Two wuxia movies by the Chinese writer-turned-filmmaker Xu Haofeng: The Sword Identity (2011) and Judge Archer (2012). Xu, who has some reputation as an expert on historical martial arts styles, directs action like nobody else on the planet—as abrupt exchanges between opposing philosophies of movement, choreographed in a careful selection of symmetrical and asymmetrical frames, barely qualifying as violence. His plotting is conceptual and murky, often difficult to grasp. The Sword Identity and Judge Archer (both adapted from Xu’s fiction, as was his more recent The Final Master) involve some transference of identity between parties—martial artists mistaken for pirates in the former, a traumatized young man taking on the mantle of a master in the latter. Their deadpan humor is easier to follow than their narratives. Xu cuts and choreographs his films in addition to writing and directing them. His largely bloodless fights are terse and precise; his discontinuous editing warrants further inquiry.

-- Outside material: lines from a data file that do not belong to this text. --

(* Let $n\in\mathbb{N}$ and let $\mathcal{K}^n$ be the $n$-dimensional Khalimsky space. Then $\mathcal{K}^n$ is a connected Alexandroff space whose set of closed points is $\{(2\lambda_1,\ldots,2\lambda_n):\lambda_1,\ldots,\lambda_n\in\mathbb{Z}\}$. Consequently a map $f:\mathcal{K}^n\to\mathcal{K}^n$ has closed graph if and only if $f$ is constant with value $(2\lambda_1,\ldots,2\lambda_n)$ for some integers $\lambda_1,\ldots,\lambda_n$; in particular there are countably infinitely many self-maps of $\mathcal{K}^n$ with closed graph. Moreover, the constant map $g:\mathcal{K}^n\to\mathcal{K}^n$ with value $(1,\ldots,1)$ is continuous but does not have closed graph.
   Context: The Khalimsky line $\mathcal{K}$ is $\mathbb{Z}$ with the topology generated by the base consisting of all sets $\{2m+1\}$ and $\{2m-1,2m,2m+1\}$ for $m\in\mathbb{Z}$; $\mathcal{K}^n$ is the $n$-fold product with the product topology. A map $f:X\to Y$ has closed graph if $G_f=\{(x,f(x)):x\in X\}$ is closed in $X\times Y$. A point $y$ is closed if $\{y\}$ is closed. A topological space is an Alexandroff space if the intersection of every nonempty family of open sets is open. *)

From HB Require Import structures.
From mathcomp Require Import all_boot all_order all_algebra.
From mathcomp Require Import all_classical all_reals all_analysis.
Set Implicit Arguments. Unset Strict Implicit. Unset Printing Implicit Defensive.
Import Order.TTheory GRing.Theory Num.Theory.
Local Open Scope classical_set_scope.
Local Open Scope ring_scope.

(** The Khalimsky line: the integers with the topology generated by the
    sets {2m+1} and {2m-1, 2m, 2m+1}, m in Z. *)
Definition khalimsky : Type := int.
HB.instance Definition _ := Choice.on khalimsky.
HB.instance Definition _ := isPointed.Build khalimsky (0 : int).

Definition khalimsky_base (k : khalimsky) : set khalimsky :=
  if (2 %| (k : int))%Z then [set ((k : int) - 1 : khalimsky); k; ((k : int) + 1 : khalimsky)]
  else [set k].

HB.instance Definition _ :=
  isSubBaseTopological.Build khalimsky (@setT khalimsky) khalimsky_base.

Definition khalimsky_space (n : nat) : topologicalType :=
  prod_topology (fun _ : 'I_n => khalimsky).

Definition alexandroff (T : topologicalType) : Prop :=
  forall F : set (set T), F !=set0 -> F `<=` open -> open (\bigcap_(A in F) A).

Definition closed_graph (X Y : topologicalType) (f : X -> Y) : Prop :=
  closed [set p : X * Y | p.2 = f p.1].

From HB Require Import structures.
From mathcomp Require Import all_boot all_order all_algebra.
From mathcomp Require Import all_classical all_reals all_analysis.
From mathcomp Require Import zify.
Import Order.TTheory GRing.Theory Num.Theory.
Local Open Scope classical_set_scope.
Local Open Scope ring_scope.

(* Every point x of the Khalimsky space has a smallest open neighbourhood, the
   product of the basic sets around its coordinates.  This makes the space
   Alexandroff and describes the specialization preorder coordinatewise: a
   point is closed iff no other point lies in the closure of its singleton,
   i.e. iff all its coordinates are even.  Consecutive integers are always
   comparable for specialization, so a set saturated for specialization in both
   directions is empty or everything; this gives connectedness.  A map with
   closed graph takes the same value at comparable points, hence is constant,
   and its value must be a closed point; conversely a constant map with closed
   value has closed graph. *)

(* [specializes x y] is [closure [set x] y]. *)
Definition specializes {T : topologicalType} (x y : T) : Prop :=
  forall A, open A -> A y -> A x.

Section Specialization.
Context {T : topologicalType}.
Implicit Types (x y : T) (A C : set T).

Lemma specializes_refl x : specializes x x.
Proof. by []. Qed.

Lemma closed_specializes {C x y} : closed C -> specializes x y -> C x -> C y.
Proof.
move=> cC xy Cx; apply: contrapT => nCy.
exact: xy _ (closed_openC cC) nCy Cx.
Qed.

Lemma closed_set1P x : closed [set x] <-> forall y, specializes x y -> y = x.
Proof.
split=> [cx y xy|xmin]; first exact: closed_specializes cx xy erefl.
rewrite -openC.
suff -> : ~` [set x] = \bigcup_(A in [set A | open A /\ ~ A x]) A.
  by apply: bigcup_open => A [].
rewrite predeqE => y; split=> [yx|[A [oA nAx] Ay] yx]; last by rewrite yx in Ay.
apply: contrapT => ncov; apply: yx; apply: xmin => A oA Ay.
by apply: contrapT => nAx; apply: ncov; exists A.
Qed.

Section MinimalNeighbourhoods.
Variable U : T -> set T.
Hypotheses (U_open : forall x, open (U x)) (U_refl : forall x, U x x).
Hypothesis U_min : forall A x, open A -> A x -> U x `<=` A.

Lemma minimal_nbhs_alexandroff : alexandroff T.
Proof.
move=> F _ Fo.
suff -> : \bigcap_(A in F) A = \bigcup_(x in \bigcap_(A in F) A) U x.
  by apply: bigcup_open => x _; exact: U_open.
rewrite predeqE => y; split=> [Fy|[x Fx Uxy] A FA]; first by exists y.
exact: U_min (Fo _ FA) (Fx _ FA) _ Uxy.
Qed.

Lemma minimal_nbhs_specializesE x y : specializes x y <-> U y x.
Proof.
split=> [xy|Uyx A oA Ay]; first exact: (xy (U y)).
exact: U_min oA Ay _ Uyx.
Qed.

End MinimalNeighbourhoods.

Lemma specializes_saturated_connected :
  (forall B : set T, (forall x y, specializes x y -> B x <-> B y) ->
     forall x y, B x -> B y) ->
  connected [set: T].
Proof.
move=> sat_const B [b Bb] [C oC BC] [D cD BD].
rewrite predeqE => y; split=> // _.
apply: (sat_const B) Bb => x z xz; split.
  by rewrite BD => -[_ Dx]; split=> //; exact: closed_specializes cD xz Dx.
by rewrite BC => -[_ Cz]; split=> //; exact: xz.
Qed.

End Specialization.

Lemma continuous_specializes {T U : topologicalType} (f : T -> U) {x y : T} :
  continuous f -> specializes x y -> specializes (f x) (f y).
Proof.
move=> cf xy A oA; apply: (xy (f @^-1` A)).
by apply: open_comp => // z _; exact: cf.
Qed.

Lemma specializes_pair {T U : topologicalType} {x y : T} {u v : U} :
  specializes x y -> specializes u v -> specializes (x, u) (y, v).
Proof.
move=> xy uv A; rewrite openE => oA /oA [[P Q] /= [yP vQ] PQA].
move: yP vQ; rewrite !nbhsE => -[P' [oP' yP'] P'P] [Q' [oQ' vQ'] Q'Q].
by apply: PQA; split; [apply/P'P/(xy P') | apply/Q'Q/(uv Q')].
Qed.

Section ClosedGraph.
Context {X Y : topologicalType} {f : X -> Y}.
Hypothesis cG : closed_graph f.

Lemma closed_graph_specializes {x y} : specializes x y -> f x = f y.
Proof.
move=> xy; have xfx_yfx := specializes_pair xy (specializes_refl (f x)).
exact: (closed_specializes cG xfx_yfx (erefl (f x))).
Qed.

On the opposite end of the spectrum: Born To Win (1972), which I’d been meaning to watch for some time, mostly on account of my fondness for director Ivan Passer’s subsequent Cutter’s Way. Passer is a lesser-known exile of the Czech New Wave. He co-wrote Miloš Forman’s Loves Of A Blonde and The Firemen’s Ball and directed a movie called Intimate Lighting (which is okay) before heading West. His American debut is a largely unsuccessful black comedy about a heroin-addicted ex-hairdresser (George Segal) that never invests all that much in either its scuzzy New York setting or its episodic, bogus plot. But it has it moments, mostly involving the criminal hijinks of Segal’s character and his junkie pal (Jay Fletcher). The cast is good (Karen Black, a pre-Mean Streets Robert De Niro), but the thing is so spotty that the characters just seem to lapse in and out of the movie. A disappointment.

Marginal thoughts

Something I wish I’d thought of while writing about John Wick: Chapter 2 is the way the rules of its mythic criminal universe formalize genre clichés. The bad guy and the good guy calling a truce to sit down for a drink—that’s something that’s been done a million times. But in the super-derivative Wick-verse, it’s literally the law; it’s a genre movie where the genre itself is a membership-based institution, and strict adherence to its rules is enforced. These movies, man.